В своем предисловии к английской версии «Отчаяния» Набоков, с явным нажимом на эту «бесполезность», особо подчеркнул, что его книга «ничем не отвечает на социальные запросы современности, не содержит никакой истины, которую могла бы, виляя хвостом, донести до читателя». К 1966 году, когда это писалось, подобные разъяснения и автокомментарии успели стать почти обязательным атрибутом практически любого набоковского высказывания, относилось ли оно к оценке других писателей или к собственному творчеству. Скучные своей предсказуемостью (хотя, порассуждав о «бесполезности», Набоков счел нелишним указать, что его героя «Ад никогда не помилует»), они не остановили тех интерпретаторов и перелагателей, которые обнаруживали в его прозе именно «социальные запросы» и были в этом правы — хотя бы отчасти. Их правоту доказал Райнер Вернер Фасбиндер, немецкий кинорежиссер, который экранизировал «Отчаяние» в 1978 году.

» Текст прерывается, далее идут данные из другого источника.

(* Let $(M,g,J)$ be an $RK$-manifold of real dimension $2n\ge 4$ which is of pointwise constant antiholomorphic sectional curvature $\nu$ (so $\nu$ is a function on $M$). Then at every point $p\in M$ the curvature tensor $R$ has the form $$R=\frac16\psi+\nu R_1-\frac{2n-1}{3}\,\nu R_2,$$ and moreover $$3S'-(n+1)S=\frac{1}{2n}\bigl(3\tau'-(n+1)\tau\bigr)g,\qquad \nu=\frac{(2n+1)\tau-3\tau'}{8n(n^2-1)}.$$
   Context: $(M,g,J)$ is an almost Hermitian manifold with metric $g$, almost complex structure $J$, and curvature tensor $R$ of type $(0,4)$, with sign convention such that the sectional curvature of a 2-plane $\alpha\subset T_pM$ with orthonormal basis $\{x,y\}$ is $K(\alpha,p)=R(x,y,y,x)$. A 2-plane $\alpha$ is antiholomorphic if $J\alpha\perp\alpha$. $M$ has pointwise constant antiholomorphic sectional curvature $\nu$ if for every $p\in M$, $K(\alpha,p)=\nu(p)$ for all antiholomorphic 2-planes $\alpha\subset T_pM$. $M$ is an $RK$-manifold if $R(x,y,z,u)=R(Jx,Jy,Jz,Ju)$ for all $x,y,z,u\in T_pM$, $p\in M$. Define $R'(x,y,z,u)=R(x,y,Jz,Ju)$. For an orthonormal basis $\{E_1,\dots,E_{2n}\}$ of $T_pM$, the Ricci tensor is $S(y,z)=\sum_i R(E_i,y,z,E_i)$ and the scalar curvature $\tau=\sum_i S(E_i,E_i)$; similarly $S'(y,z)=\sum_i R'(E_i,y,z,E_i)$ and $\tau'=\sum_i S'(E_i,E_i)$. The tensors $R_1,R_2,\psi$ are $R_1(x,y,z,u)=g(y,z)g(x,u)-g(x,z)g(y,u)$; $R_2(x,y,z,u)=g(Jy,z)g(Jx,u)-g(Jx,z)g(Jy,u)-2g(Jx,y)g(Jz,u)$; $\psi(x,y,z,u)=g(Jy,z)S(Jx,u)-g(Jx,z)S(Jy,u)-2g(Jx,y)S(Jz,u)+g(Jx,u)S(Jy,z)-g(Jy,u)S(Jx,z)-2g(Jz,u)S(Jx,y)$. *)

(* Pointwise (tangent-space) formalization of the curvature
   algebra of an almost Hermitian manifold at a point p. *)
From HB Require Import structures.
From mathcomp Require Import all_boot all_order all_algebra.
Set Implicit Arguments. Unset Strict Implicit. Unset Printing Implicit Defensive.
Import Order.TTheory GRing.Theory Num.Theory.
Local Open Scope ring_scope.

Section TangentAlgebra.
Variables (R : realFieldType) (m : nat).
Notation V := 'rV[R]_m.

Definition gform (G : 'M[R]_m) (x y : V) : R := (x *m G *m y^T) 0 0.

Definition Jact (J : 'M[R]_m) (x : V) : V := x *m J.

Definition tensor4 := V -> V -> V -> V -> R.

Definition multilinear4 (T : tensor4) : Prop :=
  [/\ forall a x x' y z u, T (a *: x + x') y z u = a * T x y z u + T x' y z u,
      forall a x y y' z u, T x (a *: y + y') z u = a * T x y z u + T x y' z u,
      forall a x y z z' u, T x y (a *: z + z') u = a * T x y z u + T x y z' u &
      forall a x y z u u', T x y z (a *: u + u') = a * T x y z u + T x y z u'].

Definition curvature_tensor (T : tensor4) : Prop :=
  [/\ multilinear4 T,
      forall x y z u, T x y z u = - T y x z u,
      forall x y z u, T x y z u = - T x y u z &
      forall x y z u, T x y z u + T y z x u + T z x y u = 0].

Definition RK (T : tensor4) (J : 'M[R]_m) : Prop :=
  forall x y z u, T x y z u = T (Jact J x) (Jact J y) (Jact J z) (Jact J u).

(* {x,y} orthonormal basis of an antiholomorphic 2-plane alpha (J alpha _|_ alpha) *)
Definition antihol_onb (G J : 'M[R]_m) (x y : V) : Prop :=
  [/\ gform G x x = 1, gform G y y = 1, gform G x y = 0 &
      [/\ gform G (Jact J x) x = 0, gform G (Jact J x) y = 0,
          gform G (Jact J y) x = 0 & gform G (Jact J y) y = 0]].

(* K(alpha) = T(x,y,y,x) = nu for every antiholomorphic plane alpha *)
Definition const_antihol (T : tensor4) (G J : 'M[R]_m) (nu : R) : Prop :=
  forall x y, antihol_onb G J x y -> T x y y x = nu.

Definition orthonormal_basis (G : 'M[R]_m) (E : 'I_m -> V) : Prop :=
  forall i j, gform G (E i) (E j) = (i == j)%:R.

Definition Rprime (T : tensor4) (J : 'M[R]_m) : tensor4 :=
  fun x y z u => T x y (Jact J z) (Jact J u).

Definition Ricci (T : tensor4) (E : 'I_m -> V) (y z : V) : R :=
  \sum_i T (E i) y z (E i).

Definition scalar_curv (S : V -> V -> R) (E : 'I_m -> V) : R :=
  \sum_i S (E i) (E i).

Definition R1 (G : 'M[R]_m) : tensor4 := fun x y z u =>
  gform G y z * gform G x u - gform G x z * gform G y u.

Definition R2 (G J : 'M[R]_m) : tensor4 := fun x y z u =>
  gform G (Jact J y) z * gform G (Jact J x) u
  - gform G (Jact J x) z * gform G (Jact J y) u
  - 2 * gform G (Jact J x) y * gform G (Jact J z) u.

Definition psi (G J : 'M[R]_m) (S : V -> V -> R) : tensor4 := fun x y z u =>
  gform G (Jact J y) z * S (Jact J x) u
  - gform G (Jact J x) z * S (Jact J y) u
  - 2 * gform G (Jact J x) y * S (Jact J z) u
  + gform G (Jact J x) u * S (Jact J y) z
  - gform G (Jact J y) u * S (Jact J x) z
  - 2 * gform G (Jact J z) u * S (Jact J x) y.

End TangentAlgebra.

(* Put U := R - (psi / 6 + nu R1 - (m - 1) / 3 nu R2) with m = 2n.  The tensors
   psi, R1 and R2 are RK curvature tensors with Ricci contractions 6 S, (m - 1) g
   and 3 g, taking the values 0, 1 and 0 on antiholomorphic planes; so U is a
   Ricci-flat RK curvature tensor vanishing on antiholomorphic planes.  Such a
   tensor is zero as soon as m >= 3: U(x,y,y,x) vanishes whenever y is orthogonal
   to J x, hence by polarisation U(x,y,z,x) is determined by U(x,Jx,.,x), and
   Ricci-flatness together with the RK symmetry forces U(x,Jx,.,x) = 0.
   Contracting the resulting expression of R with J gives S' and tau', and the
   two remaining identities are linear algebra in S, S', tau, tau', nu.
   Since the scalars form an arbitrary real field, vectors cannot be normalised;
   statements about unit vectors are extended by polynomial interpolation along
   lines x + t e instead. *)

From HB Require Import structures.
From mathcomp Require Import all_boot all_order all_algebra.
From mathcomp Require Import ring lra.
Set Implicit Arguments. Unset Strict Implicit. Unset Printing Implicit Defensive.
Import Order.TTheory GRing.Theory Num.Theory.
Local Open Scope ring_scope.

Section LinearForms.
Variables (R : pzRingType) (V : lmodType R).

Definition linear_form (f : V -> R) := forall a x y, f (a *: x + y) = a * f x + f y.

Variable f : V -> R.
Hypothesis linf : linear_form f.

Набоковское предисловие упоминает о «весьма существенном пассаже», который «по глупости был исключен в более застенчивые времена». Этот пассаж занимает почти две страницы: супружеская спальня, соитие, двойник Германа, наблюдающий за «очень активной парой» как бы в театральный бинокль, причем присутствие другого лишь усиливает яростные восторги Германа и повышает в цене пухлые прелести его половины. Фасбиндер нашел в этом эпизоде ключевую метафору для своей интерпретации романа. Главенствующий смысл в ней принадлежит мотиву мертвенности, механичности, бездушности существования, проникающей даже в такие сокровенные пределы, как эрос. Заняв кресло в углу, двойник бесстрастно наблюдает кукольное исступление на брачном ложе, над которым красуется фотография Гитлера, — ход, как будто бы невозможный в художественном мире Набокова, старательно изолируемом от злобы дня, однако вполне естественный, если считаться с датами, фигурирующими в романе: 1930, 1931. Штурмовики, свастика, зримые приметы катастрофы, которая приблизилась вплотную, весь этот тщательно воссозданный ландшафт немецкой будничности в ту пору, когда Герман озабочен своей состоятельностью как художника (но испытывает ее методами, естественными для криминальной среды), не вульгаризирует замысел Сирина, а лишь придает ему необходимую соотнесенность с историей.
В романе Герман представлен и как своего рода бунтарь против радикального несовершенства мира, отказавшего ему в самом главном — в подлинной, реальной творческой способности, без которой существование пусто. Он оказывается пусть жалким, но все-таки подобием тех метафизических бунтарей, которые составили галерею бессмертных характеров Достоевского. У Фасбиндера бунт показан не как жест непримирения с судьбой, обделившей героя столь ему необходимым чувством своего соответствия творческому призванию, но как попытка вырваться за пределы механистичности, мертвенности, с которыми Герман поминутно сталкивается, — и как заведомая неосуществимость подобных стремлений.
Дирк Богарт, играющий Германа, увидел в нем не маньяка, не самозваного гения, чьи претензии будут жестоко развенчаны, не фанатика, одержимого безумной идеей, а человека, ставящего опасный опыт над самим собой: он пробует существовать как бунтарь, тогда как по природе остается обывателем, и не двойник, им выдуманный, а это доподлинное раздвоение становится предметом его мучительных рефлексий. Через замутненное стекло Герман смотрит на мир, укрытый пеленой дождя со снегом, едва угадывающийся в смутных очертаниях, таящий в себе какую-то угрозу: символика, появившаяся в самом начале фильма, пройдет через всю картину, придавая ей стилистическую и философскую целостность.
Герой постоянно чувствует рядом с собою стекло, зеркало, отражающую поверхность: стеклянные перегородки загроможденного шоколадными фигурками интерьера, стеклянная клетка, в которой стучит на машинке секретарша его офиса. Грубое стекло аквариума, где сонно плавают рыбы. Наконец, осколки витрины, разбитой сапогом штурмовика: тоже в своем роде вторжение кипучей жизни, улицы, по которой грохочут кованые подошвы, в искусственно упорядоченный, анемичный мир вещей за зеркальным окном. Но и вторжение той реальности, которая заставляла содрогаться людей, мало-мальски понимавших, к чему ведет стремительный ход немецких событий.